[Provided entries]

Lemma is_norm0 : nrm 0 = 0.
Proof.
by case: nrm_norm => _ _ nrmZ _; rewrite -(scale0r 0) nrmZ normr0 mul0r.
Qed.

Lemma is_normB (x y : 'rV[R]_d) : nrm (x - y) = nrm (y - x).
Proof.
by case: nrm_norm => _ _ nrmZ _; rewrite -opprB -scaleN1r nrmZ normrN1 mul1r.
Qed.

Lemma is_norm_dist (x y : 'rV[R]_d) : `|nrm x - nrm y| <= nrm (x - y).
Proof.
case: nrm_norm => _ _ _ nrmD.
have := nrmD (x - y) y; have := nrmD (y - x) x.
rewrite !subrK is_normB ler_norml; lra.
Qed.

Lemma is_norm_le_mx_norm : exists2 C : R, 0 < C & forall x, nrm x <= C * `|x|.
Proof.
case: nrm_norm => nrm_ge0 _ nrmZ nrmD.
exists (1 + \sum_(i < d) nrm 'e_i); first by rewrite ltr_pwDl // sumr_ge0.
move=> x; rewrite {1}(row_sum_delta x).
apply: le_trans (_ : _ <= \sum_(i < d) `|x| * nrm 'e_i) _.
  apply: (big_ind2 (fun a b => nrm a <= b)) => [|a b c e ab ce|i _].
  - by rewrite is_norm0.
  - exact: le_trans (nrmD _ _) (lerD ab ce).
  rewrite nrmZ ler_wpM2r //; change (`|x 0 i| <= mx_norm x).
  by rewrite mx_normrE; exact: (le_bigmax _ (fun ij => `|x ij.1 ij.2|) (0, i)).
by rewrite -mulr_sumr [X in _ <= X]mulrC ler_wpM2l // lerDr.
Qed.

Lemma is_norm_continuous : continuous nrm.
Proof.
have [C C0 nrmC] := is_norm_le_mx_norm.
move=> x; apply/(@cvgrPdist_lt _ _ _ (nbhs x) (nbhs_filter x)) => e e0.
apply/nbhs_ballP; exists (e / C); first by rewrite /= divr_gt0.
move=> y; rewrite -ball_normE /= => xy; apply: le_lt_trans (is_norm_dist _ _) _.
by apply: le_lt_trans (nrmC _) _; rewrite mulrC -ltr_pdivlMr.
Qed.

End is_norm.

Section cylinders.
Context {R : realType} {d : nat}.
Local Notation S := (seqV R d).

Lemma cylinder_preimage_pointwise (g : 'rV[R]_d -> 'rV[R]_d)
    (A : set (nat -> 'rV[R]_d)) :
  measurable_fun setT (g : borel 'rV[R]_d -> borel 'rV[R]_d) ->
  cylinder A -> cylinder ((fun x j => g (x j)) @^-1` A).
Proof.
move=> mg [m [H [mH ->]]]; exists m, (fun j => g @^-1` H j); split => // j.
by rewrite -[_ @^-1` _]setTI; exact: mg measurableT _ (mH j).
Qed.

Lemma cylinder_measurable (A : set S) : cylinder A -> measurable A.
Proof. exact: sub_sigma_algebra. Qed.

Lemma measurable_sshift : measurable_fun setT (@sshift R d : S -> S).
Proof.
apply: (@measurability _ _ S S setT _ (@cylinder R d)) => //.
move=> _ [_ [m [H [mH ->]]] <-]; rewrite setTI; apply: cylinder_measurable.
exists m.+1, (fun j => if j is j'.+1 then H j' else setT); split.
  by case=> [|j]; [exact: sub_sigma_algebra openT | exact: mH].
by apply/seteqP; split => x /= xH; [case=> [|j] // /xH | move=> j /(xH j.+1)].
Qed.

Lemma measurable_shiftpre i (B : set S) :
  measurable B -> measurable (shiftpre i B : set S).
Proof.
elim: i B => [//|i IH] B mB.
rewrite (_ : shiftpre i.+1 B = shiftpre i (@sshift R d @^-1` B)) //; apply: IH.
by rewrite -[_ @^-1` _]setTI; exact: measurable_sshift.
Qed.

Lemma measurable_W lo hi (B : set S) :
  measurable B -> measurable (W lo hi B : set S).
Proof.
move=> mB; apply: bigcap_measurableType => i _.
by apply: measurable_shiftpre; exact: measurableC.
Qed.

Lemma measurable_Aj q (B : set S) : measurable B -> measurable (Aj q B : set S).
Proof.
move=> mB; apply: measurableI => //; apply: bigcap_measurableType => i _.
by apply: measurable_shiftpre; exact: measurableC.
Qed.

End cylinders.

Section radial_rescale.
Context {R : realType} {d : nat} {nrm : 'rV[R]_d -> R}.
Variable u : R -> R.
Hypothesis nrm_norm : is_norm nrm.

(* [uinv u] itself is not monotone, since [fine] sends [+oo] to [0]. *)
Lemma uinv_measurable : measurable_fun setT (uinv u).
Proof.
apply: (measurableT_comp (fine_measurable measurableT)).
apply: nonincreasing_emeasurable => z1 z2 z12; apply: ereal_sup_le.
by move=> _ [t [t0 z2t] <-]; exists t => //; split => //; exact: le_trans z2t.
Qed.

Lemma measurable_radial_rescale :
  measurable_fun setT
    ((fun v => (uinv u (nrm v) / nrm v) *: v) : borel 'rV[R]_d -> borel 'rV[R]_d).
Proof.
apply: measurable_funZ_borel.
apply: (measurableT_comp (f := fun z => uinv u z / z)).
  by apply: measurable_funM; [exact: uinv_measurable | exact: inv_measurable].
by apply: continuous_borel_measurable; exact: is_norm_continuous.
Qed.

[/Provided entries]
[Provided entries]

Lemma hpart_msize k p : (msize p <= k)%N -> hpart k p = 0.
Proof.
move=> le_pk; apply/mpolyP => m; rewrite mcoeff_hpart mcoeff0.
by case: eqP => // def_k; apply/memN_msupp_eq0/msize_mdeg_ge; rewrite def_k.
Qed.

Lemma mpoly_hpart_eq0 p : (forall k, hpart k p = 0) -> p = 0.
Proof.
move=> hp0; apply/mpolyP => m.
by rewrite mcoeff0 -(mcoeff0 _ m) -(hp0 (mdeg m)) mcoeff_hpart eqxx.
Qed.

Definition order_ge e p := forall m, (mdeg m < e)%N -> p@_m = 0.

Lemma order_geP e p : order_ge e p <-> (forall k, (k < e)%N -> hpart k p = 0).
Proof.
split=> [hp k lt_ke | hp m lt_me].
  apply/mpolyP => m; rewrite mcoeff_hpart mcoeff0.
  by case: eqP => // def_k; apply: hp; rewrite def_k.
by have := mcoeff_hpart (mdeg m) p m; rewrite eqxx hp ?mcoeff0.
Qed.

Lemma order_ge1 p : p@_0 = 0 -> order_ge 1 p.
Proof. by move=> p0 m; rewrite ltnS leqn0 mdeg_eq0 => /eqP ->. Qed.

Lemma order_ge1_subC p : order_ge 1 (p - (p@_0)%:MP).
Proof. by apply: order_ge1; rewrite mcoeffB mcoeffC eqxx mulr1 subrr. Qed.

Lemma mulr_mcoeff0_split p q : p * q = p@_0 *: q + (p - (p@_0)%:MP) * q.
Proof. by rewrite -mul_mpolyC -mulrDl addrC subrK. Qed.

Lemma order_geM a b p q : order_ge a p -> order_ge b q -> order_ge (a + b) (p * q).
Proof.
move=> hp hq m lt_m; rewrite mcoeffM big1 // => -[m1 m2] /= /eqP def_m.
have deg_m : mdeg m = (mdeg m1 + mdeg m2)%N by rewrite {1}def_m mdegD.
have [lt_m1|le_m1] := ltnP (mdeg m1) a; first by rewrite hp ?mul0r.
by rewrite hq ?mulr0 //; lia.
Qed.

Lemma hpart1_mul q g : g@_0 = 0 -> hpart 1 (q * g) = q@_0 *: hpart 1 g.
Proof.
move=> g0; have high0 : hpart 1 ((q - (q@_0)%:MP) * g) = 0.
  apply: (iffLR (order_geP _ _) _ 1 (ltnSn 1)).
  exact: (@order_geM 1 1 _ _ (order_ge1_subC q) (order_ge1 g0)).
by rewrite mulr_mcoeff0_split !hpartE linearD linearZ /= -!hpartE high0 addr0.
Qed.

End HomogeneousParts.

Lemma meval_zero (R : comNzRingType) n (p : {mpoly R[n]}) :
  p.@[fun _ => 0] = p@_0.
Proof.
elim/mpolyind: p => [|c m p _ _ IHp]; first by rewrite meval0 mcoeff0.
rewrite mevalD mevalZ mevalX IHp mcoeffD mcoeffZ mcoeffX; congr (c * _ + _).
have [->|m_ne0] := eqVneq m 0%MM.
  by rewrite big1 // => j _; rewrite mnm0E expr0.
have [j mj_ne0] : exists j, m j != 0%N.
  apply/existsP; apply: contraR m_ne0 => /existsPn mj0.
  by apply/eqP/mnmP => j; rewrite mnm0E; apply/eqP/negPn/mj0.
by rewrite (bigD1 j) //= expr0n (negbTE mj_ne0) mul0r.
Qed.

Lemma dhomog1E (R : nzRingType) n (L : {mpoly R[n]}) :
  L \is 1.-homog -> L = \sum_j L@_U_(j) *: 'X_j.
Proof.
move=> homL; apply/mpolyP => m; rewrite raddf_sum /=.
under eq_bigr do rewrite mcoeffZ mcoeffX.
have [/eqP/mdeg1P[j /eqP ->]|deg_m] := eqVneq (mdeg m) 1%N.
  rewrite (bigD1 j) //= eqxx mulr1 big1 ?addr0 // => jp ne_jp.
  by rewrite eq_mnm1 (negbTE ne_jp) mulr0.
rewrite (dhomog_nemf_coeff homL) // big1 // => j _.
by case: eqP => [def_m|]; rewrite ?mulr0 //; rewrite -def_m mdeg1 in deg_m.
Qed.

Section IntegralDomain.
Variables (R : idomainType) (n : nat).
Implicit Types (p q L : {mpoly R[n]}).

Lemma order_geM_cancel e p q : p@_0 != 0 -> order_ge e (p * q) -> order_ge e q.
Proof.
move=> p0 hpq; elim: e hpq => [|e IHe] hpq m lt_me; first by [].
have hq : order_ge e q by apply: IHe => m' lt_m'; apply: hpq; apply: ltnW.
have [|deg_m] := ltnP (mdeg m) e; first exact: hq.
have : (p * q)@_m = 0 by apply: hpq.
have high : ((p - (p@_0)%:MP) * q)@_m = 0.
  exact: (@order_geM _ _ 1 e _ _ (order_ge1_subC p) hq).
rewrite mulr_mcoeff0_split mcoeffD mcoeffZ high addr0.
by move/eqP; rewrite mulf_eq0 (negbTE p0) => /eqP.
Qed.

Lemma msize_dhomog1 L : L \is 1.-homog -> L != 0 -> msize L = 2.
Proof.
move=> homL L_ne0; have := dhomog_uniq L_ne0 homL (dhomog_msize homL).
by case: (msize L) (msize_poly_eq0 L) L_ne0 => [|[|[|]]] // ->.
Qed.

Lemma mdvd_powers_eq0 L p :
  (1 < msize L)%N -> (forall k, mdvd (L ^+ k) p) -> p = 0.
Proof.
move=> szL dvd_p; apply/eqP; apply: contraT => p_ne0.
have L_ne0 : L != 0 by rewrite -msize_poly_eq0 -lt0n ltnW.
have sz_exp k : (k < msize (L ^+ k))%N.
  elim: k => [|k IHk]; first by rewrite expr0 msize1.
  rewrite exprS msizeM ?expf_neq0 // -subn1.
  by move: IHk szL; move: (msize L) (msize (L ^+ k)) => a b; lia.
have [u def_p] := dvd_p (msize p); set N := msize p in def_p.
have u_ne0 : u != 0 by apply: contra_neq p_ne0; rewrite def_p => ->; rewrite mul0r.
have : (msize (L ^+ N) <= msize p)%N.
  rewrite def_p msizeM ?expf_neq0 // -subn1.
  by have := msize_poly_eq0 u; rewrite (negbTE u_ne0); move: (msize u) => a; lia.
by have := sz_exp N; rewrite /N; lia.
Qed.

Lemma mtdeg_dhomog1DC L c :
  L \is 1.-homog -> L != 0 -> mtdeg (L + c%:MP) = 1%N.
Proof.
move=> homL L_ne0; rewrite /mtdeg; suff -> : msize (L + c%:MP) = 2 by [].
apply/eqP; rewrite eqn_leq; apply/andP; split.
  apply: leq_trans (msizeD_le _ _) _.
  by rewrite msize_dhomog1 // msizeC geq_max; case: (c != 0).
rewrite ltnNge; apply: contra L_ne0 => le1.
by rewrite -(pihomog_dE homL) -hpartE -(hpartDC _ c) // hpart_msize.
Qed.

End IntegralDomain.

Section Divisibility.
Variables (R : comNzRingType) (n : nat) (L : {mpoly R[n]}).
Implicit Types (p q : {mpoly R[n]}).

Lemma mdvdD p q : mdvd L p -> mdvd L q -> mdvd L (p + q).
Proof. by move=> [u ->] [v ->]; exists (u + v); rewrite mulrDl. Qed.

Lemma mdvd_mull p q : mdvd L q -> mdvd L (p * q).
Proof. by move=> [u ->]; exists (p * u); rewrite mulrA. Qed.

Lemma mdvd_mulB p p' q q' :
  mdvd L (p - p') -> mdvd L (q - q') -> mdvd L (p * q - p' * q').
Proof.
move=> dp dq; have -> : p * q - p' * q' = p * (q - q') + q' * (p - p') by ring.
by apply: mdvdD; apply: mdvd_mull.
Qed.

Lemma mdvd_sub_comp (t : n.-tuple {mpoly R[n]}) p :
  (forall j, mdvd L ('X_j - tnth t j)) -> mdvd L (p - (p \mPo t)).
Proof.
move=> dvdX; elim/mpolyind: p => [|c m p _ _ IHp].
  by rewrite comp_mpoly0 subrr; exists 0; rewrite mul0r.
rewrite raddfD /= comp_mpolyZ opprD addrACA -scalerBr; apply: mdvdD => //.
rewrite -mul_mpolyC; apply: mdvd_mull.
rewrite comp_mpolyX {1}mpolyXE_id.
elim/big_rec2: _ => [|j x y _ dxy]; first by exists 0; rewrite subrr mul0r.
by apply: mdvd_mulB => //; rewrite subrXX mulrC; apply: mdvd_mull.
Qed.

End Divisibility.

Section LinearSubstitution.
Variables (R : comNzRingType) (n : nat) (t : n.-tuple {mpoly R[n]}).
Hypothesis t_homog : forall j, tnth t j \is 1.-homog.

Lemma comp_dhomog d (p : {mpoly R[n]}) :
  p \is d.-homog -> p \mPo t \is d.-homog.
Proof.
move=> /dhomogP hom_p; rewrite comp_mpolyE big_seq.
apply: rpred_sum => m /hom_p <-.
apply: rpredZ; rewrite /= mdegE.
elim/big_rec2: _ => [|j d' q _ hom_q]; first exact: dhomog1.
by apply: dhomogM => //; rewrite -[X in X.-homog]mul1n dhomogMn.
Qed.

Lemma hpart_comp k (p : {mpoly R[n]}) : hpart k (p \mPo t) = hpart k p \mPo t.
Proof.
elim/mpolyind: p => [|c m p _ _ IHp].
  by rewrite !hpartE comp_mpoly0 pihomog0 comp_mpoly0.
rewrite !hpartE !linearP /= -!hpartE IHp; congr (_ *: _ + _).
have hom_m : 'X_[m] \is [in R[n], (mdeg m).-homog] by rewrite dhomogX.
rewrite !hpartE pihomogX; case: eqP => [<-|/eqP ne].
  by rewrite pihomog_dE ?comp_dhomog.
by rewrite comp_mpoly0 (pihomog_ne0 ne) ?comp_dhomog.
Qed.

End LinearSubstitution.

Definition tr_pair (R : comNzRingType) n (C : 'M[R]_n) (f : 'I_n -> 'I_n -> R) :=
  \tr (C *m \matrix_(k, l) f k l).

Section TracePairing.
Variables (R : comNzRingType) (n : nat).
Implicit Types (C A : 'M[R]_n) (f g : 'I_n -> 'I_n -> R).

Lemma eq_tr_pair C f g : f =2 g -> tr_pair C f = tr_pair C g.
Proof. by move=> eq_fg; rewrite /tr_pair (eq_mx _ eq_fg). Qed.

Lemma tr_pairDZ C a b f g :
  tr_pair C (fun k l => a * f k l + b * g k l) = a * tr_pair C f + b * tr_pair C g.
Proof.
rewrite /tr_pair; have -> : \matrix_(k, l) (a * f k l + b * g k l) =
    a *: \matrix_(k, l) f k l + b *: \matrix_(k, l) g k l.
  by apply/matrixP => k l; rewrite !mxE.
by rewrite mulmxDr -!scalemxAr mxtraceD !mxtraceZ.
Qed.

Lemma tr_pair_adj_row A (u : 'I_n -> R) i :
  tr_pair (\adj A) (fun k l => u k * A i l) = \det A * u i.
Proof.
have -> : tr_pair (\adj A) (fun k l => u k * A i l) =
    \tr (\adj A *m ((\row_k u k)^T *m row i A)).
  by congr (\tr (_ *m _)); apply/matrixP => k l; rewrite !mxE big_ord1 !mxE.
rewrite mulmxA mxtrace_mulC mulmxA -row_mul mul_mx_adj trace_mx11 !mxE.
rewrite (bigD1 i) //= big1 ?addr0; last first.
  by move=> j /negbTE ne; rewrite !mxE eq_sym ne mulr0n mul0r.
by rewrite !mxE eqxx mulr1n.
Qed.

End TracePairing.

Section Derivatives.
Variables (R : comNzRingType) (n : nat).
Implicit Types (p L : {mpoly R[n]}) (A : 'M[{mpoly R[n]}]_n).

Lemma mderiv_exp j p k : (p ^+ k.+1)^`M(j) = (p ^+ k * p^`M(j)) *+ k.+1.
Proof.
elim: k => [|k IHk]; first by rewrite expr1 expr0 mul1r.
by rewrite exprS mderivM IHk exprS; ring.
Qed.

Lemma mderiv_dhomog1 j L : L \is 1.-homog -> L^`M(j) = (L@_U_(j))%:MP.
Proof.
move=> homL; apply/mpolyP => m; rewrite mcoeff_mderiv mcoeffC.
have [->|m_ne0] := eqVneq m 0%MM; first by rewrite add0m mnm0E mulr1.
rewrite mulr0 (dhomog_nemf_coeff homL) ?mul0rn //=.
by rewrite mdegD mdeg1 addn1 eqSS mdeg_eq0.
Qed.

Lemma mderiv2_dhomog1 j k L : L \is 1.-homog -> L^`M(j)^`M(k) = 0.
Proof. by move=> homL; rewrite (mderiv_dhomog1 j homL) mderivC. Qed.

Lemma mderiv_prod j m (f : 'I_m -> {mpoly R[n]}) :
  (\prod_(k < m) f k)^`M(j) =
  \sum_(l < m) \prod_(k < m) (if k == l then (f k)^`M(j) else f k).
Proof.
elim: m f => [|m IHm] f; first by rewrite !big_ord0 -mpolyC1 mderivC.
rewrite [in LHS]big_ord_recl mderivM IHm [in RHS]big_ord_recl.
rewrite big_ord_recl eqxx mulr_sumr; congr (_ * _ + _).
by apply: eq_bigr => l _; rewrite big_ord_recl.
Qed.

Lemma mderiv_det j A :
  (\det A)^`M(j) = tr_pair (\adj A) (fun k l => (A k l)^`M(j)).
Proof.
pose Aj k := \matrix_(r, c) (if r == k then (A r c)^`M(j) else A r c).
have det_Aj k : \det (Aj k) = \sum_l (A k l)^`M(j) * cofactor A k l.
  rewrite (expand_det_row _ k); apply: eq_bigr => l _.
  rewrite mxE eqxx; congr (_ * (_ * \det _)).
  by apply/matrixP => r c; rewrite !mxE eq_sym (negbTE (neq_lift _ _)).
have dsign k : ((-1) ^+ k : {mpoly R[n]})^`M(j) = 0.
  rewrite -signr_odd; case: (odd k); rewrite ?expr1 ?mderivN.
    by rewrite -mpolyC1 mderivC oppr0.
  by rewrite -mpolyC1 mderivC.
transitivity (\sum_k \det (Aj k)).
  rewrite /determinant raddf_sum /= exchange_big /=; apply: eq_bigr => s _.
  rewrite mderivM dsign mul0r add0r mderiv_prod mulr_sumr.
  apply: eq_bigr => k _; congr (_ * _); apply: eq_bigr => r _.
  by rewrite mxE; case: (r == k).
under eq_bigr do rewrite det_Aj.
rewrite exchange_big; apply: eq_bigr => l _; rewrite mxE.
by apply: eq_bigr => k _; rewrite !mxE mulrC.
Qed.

[/Provided entries]

→ Activity:
In the listing above, find the line containing "Lemma is_norm0 : nrm 0 = 0." and the line containing "exists m.+1, (fun", then retype both and every line between them exactly, with nothing else.

→ Solution to this task:
Lemma is_norm0 : nrm 0 = 0.
Proof.
by case: nrm_norm => _ _ nrmZ _; rewrite -(scale0r 0) nrmZ normr0 mul0r.
Qed.

Lemma is_normB (x y : 'rV[R]_d) : nrm (x - y) = nrm (y - x).
Proof.
by case: nrm_norm => _ _ nrmZ _; rewrite -opprB -scaleN1r nrmZ normrN1 mul1r.
Qed.

Lemma is_norm_dist (x y : 'rV[R]_d) : `|nrm x - nrm y| <= nrm (x - y).
Proof.
case: nrm_norm => _ _ _ nrmD.
have := nrmD (x - y) y; have := nrmD (y - x) x.
rewrite !subrK is_normB ler_norml; lra.
Qed.

Lemma is_norm_le_mx_norm : exists2 C : R, 0 < C & forall x, nrm x <= C * `|x|.
Proof.
case: nrm_norm => nrm_ge0 _ nrmZ nrmD.
exists (1 + \sum_(i < d) nrm 'e_i); first by rewrite ltr_pwDl // sumr_ge0.
move=> x; rewrite {1}(row_sum_delta x).
apply: le_trans (_ : _ <= \sum_(i < d) `|x| * nrm 'e_i) _.
  apply: (big_ind2 (fun a b => nrm a <= b)) => [|a b c e ab ce|i _].
  - by rewrite is_norm0.
  - exact: le_trans (nrmD _ _) (lerD ab ce).
  rewrite nrmZ ler_wpM2r //; change (`|x 0 i| <= mx_norm x).
  by rewrite mx_normrE; exact: (le_bigmax _ (fun ij => `|x ij.1 ij.2|) (0, i)).
by rewrite -mulr_sumr [X in _ <= X]mulrC ler_wpM2l // lerDr.
Qed.

Lemma is_norm_continuous : continuous nrm.
Proof.
have [C C0 nrmC] := is_norm_le_mx_norm.
move=> x; apply/(@cvgrPdist_lt _ _ _ (nbhs x) (nbhs_filter x)) => e e0.
apply/nbhs_ballP; exists (e / C); first by rewrite /= divr_gt0.
move=> y; rewrite -ball_normE /= => xy; apply: le_lt_trans (is_norm_dist _ _) _.
by apply: le_lt_trans (nrmC _) _; rewrite mulrC -ltr_pdivlMr.
Qed.

End is_norm.

Section cylinders.
Context {R : realType} {d : nat}.
Local Notation S := (seqV R d).

Lemma cylinder_preimage_pointwise (g : 'rV[R]_d -> 'rV[R]_d)
    (A : set (nat -> 'rV[R]_d)) :
  measurable_fun setT (g : borel 'rV[R]_d -> borel 'rV[R]_d) ->
  cylinder A -> cylinder ((fun x j => g (x j)) @^-1` A).
Proof.
move=> mg [m [H [mH ->]]]; exists m, (fun j => g @^-1` H j); split => // j.
by rewrite -[_ @^-1` _]setTI; exact: mg measurableT _ (mH j).
Qed.

Lemma cylinder_measurable (A : set S) : cylinder A -> measurable A.
Proof. exact: sub_sigma_algebra. Qed.

Lemma measurable_sshift : measurable_fun setT (@sshift R d : S -> S).
Proof.
apply: (@measurability _ _ S S setT _ (@cylinder R d)) => //.
move=> _ [_ [m [H [mH ->]]] <-]; rewrite setTI; apply: cylinder_measurable.
exists m.+1, (fun j => if j is j'.+1 then H j' else setT); split.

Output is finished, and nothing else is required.